In contrast, machine learning, he noted, is valuable for tasks such as predicting future market prices, making predictions about economic variables, and identifying structural breaks or outliers in data.
"We currently use deep machine learning modes (using neural networks) to determine short-term interest rate forecasts relative to market pricing, cluster analysis to determine notional interest rates and spot currency probability distributions, along with reinforcement learning to determine the fair value of government bonds," he said.
Mike Chen, Robeco's head of Next Gen Research, emphasized that while AI will transform many aspects of how multi-asset portfolios are managed, certain areas, such as face-to-face customer service, will continue to rely on human skills.
Chen also pointed out that data availability could be a limiting factor for some asset classes.
“We believe that artificial intelligence plays a big role in all assets where there is sufficient data available. In certain asset classes where data availability is not great, the role of AI will be relatively less as AI algorithms require data to be effective,” he said.
Similarly, Toohey pointed out that asset classes with frequent market valuations, such as listed stocks, tend to be better suited for machine learning models compared to illiquid assets that rely more on subjective or opinion-based valuations.
According to Tom Boyle, CEO of derivatives-based investment manager Atlantic House Group, the biggest benefits of using AI are related to productivity.

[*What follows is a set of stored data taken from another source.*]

Lemma concave_on_inf (T : Type) (b0 : T) A (g : 'rV[R]_q -> T -> R) :
  (forall t, has_lbound (range (g t))) -> (forall b, concave_on A (g ^~ b)) ->
  concave_on A (fun t => inf (range (g t))).
Proof.
move=> g_lb g_concave x y Ax Ay th th01; apply: lb_le_inf => [|_ [b _ <-]].
  by exists (g (th *: x + (1 - th) *: y) b0), b0.
apply: le_trans (g_concave b x y Ax Ay th th01); case/andP: th01 => th0 th1.
by apply: lerD; apply: ler_wpM2l; rewrite ?subr_ge0 //; apply: ge_inf => //; exists b.
Qed.

End concave_on.

Section logistic_loss.
Variable R : realType.
Implicit Types th : R.

Lemma loglik_le0 n d (X : 'M[R]_(n, d)) y b0 b :
  (forall i, 0 <= y i <= 1) -> loglik X y b0 b <= 0.
Proof.
move=> y01; rewrite /loglik sumr_le0 // => i _; set e := b0 + _.
have sp_ge0 : 0 <= ln (1 + expR e) by rewrite ln_ge0 // lerDl expR_ge0.
have sp_ge : e <= ln (1 + expR e).
  by rewrite -ler_expR lnK ?posrE ?oneDexpR_gt0 // lerDr.
have /andP[y0 y1] := y01 i; rewrite subr_le0.
have : y i * e <= y i * ln (1 + expR e) by rewrite ler_wpM2l.
have : y i * ln (1 + expR e) <= ln (1 + expR e) by rewrite ler_piMl.
lra.
Qed.

Lemma loglik_concavity_defect n d (X : 'M[R]_(n, d)) y b0 (u1 u2 : 'cV[R]_d) th :
  0 <= th <= 1 ->
  loglik X y b0 (th *: u1 + (1 - th) *: u2)
    - (th * loglik X y b0 u1 + (1 - th) * loglik X y b0 u2)
  <= th * (1 - th) / 8 * sqnorm (X *m (u1 - u2)).
Proof.
move=> th01; rewrite /loglik /sqnorm !mulr_sumr -big_split -sumrB /=.
apply: ler_sum => i _.
rewrite mulmxDr -!scalemxAr mulmxBr.
move: (X *m u1) (X *m u2) => U1 U2; rewrite !mxE.
set a1 := U1 i 0; set a2 := U2 i 0.
have := softplus_convex_defect (b0 + a1) (b0 + a2) th01.
rewrite /softplus (_ : th * (b0 + a1) + (1 - th) * (b0 + a2)
                   = b0 + (th * a1 + (1 - th) * a2)); last by ring.
set s1 := ln (1 + expR (b0 + a1)); set s2 := ln (1 + expR (b0 + a2)).
set sz := ln (1 + expR _).
rewrite (_ : y i * (b0 + (th * a1 + (1 - th) * a2)) - sz
   - (th * (y i * (b0 + a1) - s1) + (1 - th) * (y i * (b0 + a2) - s2))
   = th * s1 + (1 - th) * s2 - sz); last by ring.
by rewrite (_ : b0 + a1 - (b0 + a2) = a1 - a2) //; ring.
Qed.

End logistic_loss.

Section penalized_loss.
Variables (R : realType) (m q : nat).
Implicit Types (t : 'rV[R]_q) (b : 'cV[R]_(m + q)) (th : R).

Definition tdiag t : 'rV[R]_(m + q) := row_mx (const_mx 1) t.

Definition closed_cube : set 'rV[R]_q := [set t | forall j, 0 <= t 0 j <= 1].

Lemma closed_cube_conv t1 t2 th : closed_cube t1 -> closed_cube t2 -> 0 <= th <= 1 ->
  closed_cube (th *: t1 + (1 - th) *: t2).
Proof.
move=> t1_01 t2_01 /andP[th0 th1] j; rewrite !mxE.
have /andP[? ?] := t1_01 j; have /andP[? ?] := t2_01 j.
by apply/andP; split; nra.
Qed.

Lemma tdiag_conv t1 t2 th :
  tdiag (th *: t1 + (1 - th) *: t2) = th *: tdiag t1 + (1 - th) *: tdiag t2.
Proof. by apply/rowP => j; rewrite !mxE; case: splitP => k _; rewrite !mxE //; ring. Qed.

Lemma tdiag_cube t j : closed_cube t -> 0 <= tdiag t 0 j <= 1.
Proof. by move=> t01; rewrite mxE; case: splitP => k _; rewrite ?mxE ?ler01 ?lexx. Qed.

Lemma Tmx_mul t b : Tmx m t *m b = \col_j (tdiag t 0 j * b j 0).
Proof. by apply/colP => j; rewrite mul_diag_mx !mxE. Qed.

Lemma Tmx_mul_conv t1 t2 th b : Tmx m (th *: t1 + (1 - th) *: t2) *m b
  = th *: (Tmx m t1 *m b) + (1 - th) *: (Tmx m t2 *m b).
Proof. by rewrite /Tmx -/(tdiag _) tdiag_conv linearD !linearZ /= mulmxDl -!scalemxAl. Qed.

Lemma usubmx_Tmx_mulB t1 t2 b : usubmx (Tmx m t1 *m b - Tmx m t2 *m b) = 0.
Proof.
by apply/matrixP => i j; rewrite !Tmx_mul !mxE (unsplitK (inl i : 'I_m + 'I_q)) mxE subrr.
Qed.

Lemma sqnorm_Gmx_mul t b : closed_cube t ->
  sqnorm (Gmx m t *m b) = \sum_j (1 - tdiag t 0 j ^+ 2) * b j 0 ^+ 2.
Proof.
move=> t01; apply: eq_bigr => j _; rewrite mul_diag_mx 2!mxE -/(tdiag t).
have /andP[? ?] := tdiag_cube j t01.
by rewrite exprMn sqr_sqrtr // subr_ge0 expr_le1.
Qed.

Lemma sqnorm_Gmx_mul_conv t1 t2 th b :
  closed_cube t1 -> closed_cube t2 -> 0 <= th <= 1 ->
  sqnorm (Gmx m (th *: t1 + (1 - th) *: t2) *m b)
  = th * sqnorm (Gmx m t1 *m b) + (1 - th) * sqnorm (Gmx m t2 *m b)
    + th * (1 - th) * sqnorm (Tmx m t1 *m b - Tmx m t2 *m b).
Proof.
move=> t1_01 t2_01 th01; have tz01 := closed_cube_conv t1_01 t2_01 th01.
rewrite !sqnorm_Gmx_mul // /sqnorm !mulr_sumr -!big_split /=.
by apply: eq_bigr => j _; rewrite !Tmx_mul tdiag_conv !mxE; ring.
Qed.

Definition pen_nll n (X : 'M[R]_(n, m + q)) (y : 'I_n -> R) (del lam : R) t
    (bb : R * 'cV[R]_(m + q)) : R :=
  - (n%:R)^-1 * loglik X y bb.1 (Tmx m t *m bb.2)
  + lam * sqnorm bb.2 + del * sqnorm (Gmx m t *m bb.2).

Lemma pen_nll_concave n (X : 'M[R]_(n, m + q)) y del lam bb : (0 < n)%N ->
  (forall w, usubmx w = 0 -> sqnorm (X *m w) <= 8 * n%:R * del * sqnorm w) ->
  concave_on closed_cube (pen_nll X y del lam ^~ bb).
Proof.
move=> n_gt0 X_le t1 t2 t1_01 t2_01 th th01; case: bb => b0 b.
rewrite /pen_nll /= Tmx_mul_conv sqnorm_Gmx_mul_conv //.
have := loglik_concavity_defect X y b0 (Tmx m t1 *m b) (Tmx m t2 *m b) th01.
have := X_le _ (usubmx_Tmx_mulB t1 t2 b).
set w := _ - _; set Lz := loglik _ _ _ (_ + _).
set L1 := loglik _ _ _ (Tmx m t1 *m b); set L2 := loglik _ _ _ (Tmx m t2 *m b).
move=> Xw_le ll_defect; set c := th * (1 - th).
have c_ge0 : 0 <= c by case/andP: th01 => ? ?; rewrite mulr_ge0 // subr_ge0.
have ni_gt0 : 0 < (n%:R : R)^-1 by rewrite invr_gt0 ltr0n.
have ll_le : - ((n%:R)^-1 * (c / 8 * sqnorm (X *m w)))
             <= (n%:R)^-1 * (th * L1 + (1 - th) * L2 - Lz).
  by rewrite -mulrN ler_pM2l // lerNl opprB.
have Xw_le' : (n%:R)^-1 * (c / 8 * sqnorm (X *m w)) <= del * (c * sqnorm w).
  have -> : del * (c * sqnorm w) = c / 8 * (8 * del * sqnorm w) by field.
  rewrite mulrCA ler_wpM2l ?divr_ge0 // mulrC ler_pdivrMr ?ltr0n //.
  by rewrite (_ : 8 * del * sqnorm w * n%:R = 8 * n%:R * del * sqnorm w) //; ring.
rewrite -subr_ge0; set D := (X in 0 <= X).
have -> : D = (n%:R)^-1 * (th * L1 + (1 - th) * L2 - Lz) + del * (c * sqnorm w).
  by rewrite /D /c; ring.
lra.
Qed.
Lemma nablaIA_le_error mu i A e : {homo mu : X Y / X \subset Y >-> X <= Y} ->
    (forall k, `|sugeno mu (x k) - alpha k| <= e) ->
    Num.max (gamma x i A) (mu A) <= alpha i + e ->
  nablaIA x alpha i A <= e.
Proof.
move=> mu_mono err; rewrite ge_max => /andP[gA muA].
have e0 : 0 <= e := le_trans (normr_ge0 _) (err i).
rewrite /nablaIA ge_max (pos_le e0) /=; last by lra.
apply: bigmax_le => // l _; rewrite /sigma_eps ge_min.
have [gl|gl] := leP (alpha l - e) (gamma x l A).
  by rewrite pos_le ?orbT //; lra.
have : alpha l - e <= mu A.
  apply: sugeno_le_mu mu_mono _ gl.
  by have := err l; rewrite ler_norml => /andP[lo _]; lra.
move=> mu_lo; have : pos (alpha l - alpha i) <= e * 2 by apply: pos_le; lra.
by move=> h; apply/orP; left; lra.
Qed.

Variable q : nat.
Hypothesis q_range : (1 <= q <= n)%N.
Hypothesis x_01 : forall k i, 0 <= x k i <= 1.
Hypothesis alpha_01 : forall k, 0 <= alpha k <= 1.

Lemma gamma_le1 k A : gamma x k A <= 1.
Proof. by apply: gamma_le => // i _; case/andP: (x_01 k i). Qed.

Lemma nablaQ_le_max_error mu :
    {homo mu : X Y / X \subset Y >-> X <= Y} -> mu setT = 1 ->
    (forall A, mu A <= 1) -> q_minitive q mu ->
  nablaQ q x alpha <= max_error mu x alpha.
Proof.
move=> mu_mono muT mu_le1 mu_qmin; set e := max_error mu x alpha.
have err k : `|sugeno mu (x k) - alpha k| <= e by apply: le_bigmax.
apply: bigmax_le => [|i _]; first exact: bigmax_ge_id.
have [A LA SA] : exists2 A, layer q A &
    sugeno mu (x i) = Num.max (gamma x i A) (mu A).
  rewrite (sugeno_minitive _ mu_mono muT mu_le1 mu_qmin).
  by apply: layer_min_attained => // B _; rewrite ge_max gamma_le1 mu_le1.
apply: le_trans (bigmin_le_cond _ _ LA) (nablaIA_le_error mu_mono err _).
by rewrite -SA; have := err i; rewrite ler_norml => /andP[_ hi]; lra.
Qed.

Local Notation nab := (nablaQ q x alpha).
Local Notation nu := (nuQ q x alpha).
Local Notation mu_star := (mu_star q x alpha).

Lemma nab_ge0 : 0 <= nab.
Proof. exact: bigmax_ge_id. Qed.

Lemma nablaIA_le1 i A : nablaIA x alpha i A <= 1.
Proof.
have [a0 _] := andP (alpha_01 i); have gA := gamma_le1 i A.
rewrite /nablaIA ge_max pos_le //=; last by lra.
apply: bigmax_le => // l _; rewrite /sigma_eps ge_min pos_le ?orbT //.
by have [_ a1] := andP (alpha_01 l); have := gamma_ge0 l A; lra.
Qed.

Lemma nablaI_attained i :
  exists2 A, layer q A & nablaI q x alpha i = nablaIA x alpha i A.
Proof. by apply: layer_min_attained => // A _; apply: nablaIA_le1. Qed.

Lemma nu_ge0 A : 0 <= nu A.
Proof. exact: bigmax_ge_id. Qed.

Lemma nu_le1 A : nu A <= 1.
Proof.
apply: bigmax_le => // k _; rewrite /eps; case: ifP => // _.
by rewrite ge_max ler01 andbT; have := nab_ge0; have := alpha_01 k; lra.
Qed.

Lemma nu_subset A B : A \subset B -> nu A <= nu B.
Proof.
move=> AB; apply: le_bigmax2 => k _; rewrite /eps.
case: ifP => [gA|_]; first by rewrite (le_lt_trans (gamma_subset _ AB) gA).
by case: ifP => // _; rewrite le_max lexx orbT.
Qed.

Lemma nu_ge_alpha k A : gamma x k A < alpha k - nab -> alpha k - nab <= nu A.
Proof.
move=> gA; apply: (bigmax_sup k) => //; rewrite /eps lt_max gA.
by rewrite le_max lexx.
Qed.

Lemma nu_le A c : 0 <= c ->
  (forall l, gamma x l A < alpha l - nab -> alpha l - nab <= c) -> nu A <= c.
Proof.
move=> c0 bound; apply: bigmax_le => // l _; rewrite /eps lt_max.
case: ifP => // /orP[gA|]; last by rewrite ltNge gamma_ge0.
by rewrite ge_max c0 andbT; apply: bound.
Qed.

Lemma nu_le_alpha_nab k A :
  nablaIA x alpha k A <= nab -> nu A <= alpha k + nab.
Proof.
move=> kA; apply: nu_le => [|l gl].
  by have := nab_ge0; have := alpha_01 k; lra.
move: kA; rewrite /nablaIA ge_max => /andP[_ /bigmax_leP[_ /(_ l isT)]].
rewrite /sigma_eps ge_min => /orP[] h.
  by have := le_pos (alpha l - alpha k); lra.
by have := le_pos (alpha l - gamma x l A); lra.
Qed.

Lemma nu_le_capacity mu A : {homo mu : X Y / X \subset Y >-> X <= Y} ->
    (forall A, 0 <= mu A) -> (forall k, `|sugeno mu (x k) - alpha k| <= nab) ->
  nu A <= mu A.
Proof.
move=> mu_mono mu_ge0 err; apply: nu_le => // l gl.
apply: sugeno_le_mu mu_mono _ gl.
by have := err l; rewrite ler_norml => /andP[lo _]; lra.
Qed.

Lemma mu_starT : mu_star setT = 1.
Proof. by rewrite /mu_star eqxx. Qed.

“We don't give AI money to manage, but it allows [us] to take all the different data points where we used to be able to take 10, now we can take 30. And it allows you a broader scope or it allows you to explore different geographies at the same level of detail, but you don't necessarily have experts in every single area," he said.
Boyle expressed discomfort with relying on AI for asset classes in general at the moment, but said he sees potential for AI to improve transparency in less liquid and less transparent markets by processing data more efficiently than humans.
"I think over the next 18 months it could become a money mover, but from our perspective it's certainly a data tool to improve performance rather than actually applying money to different markets," he said.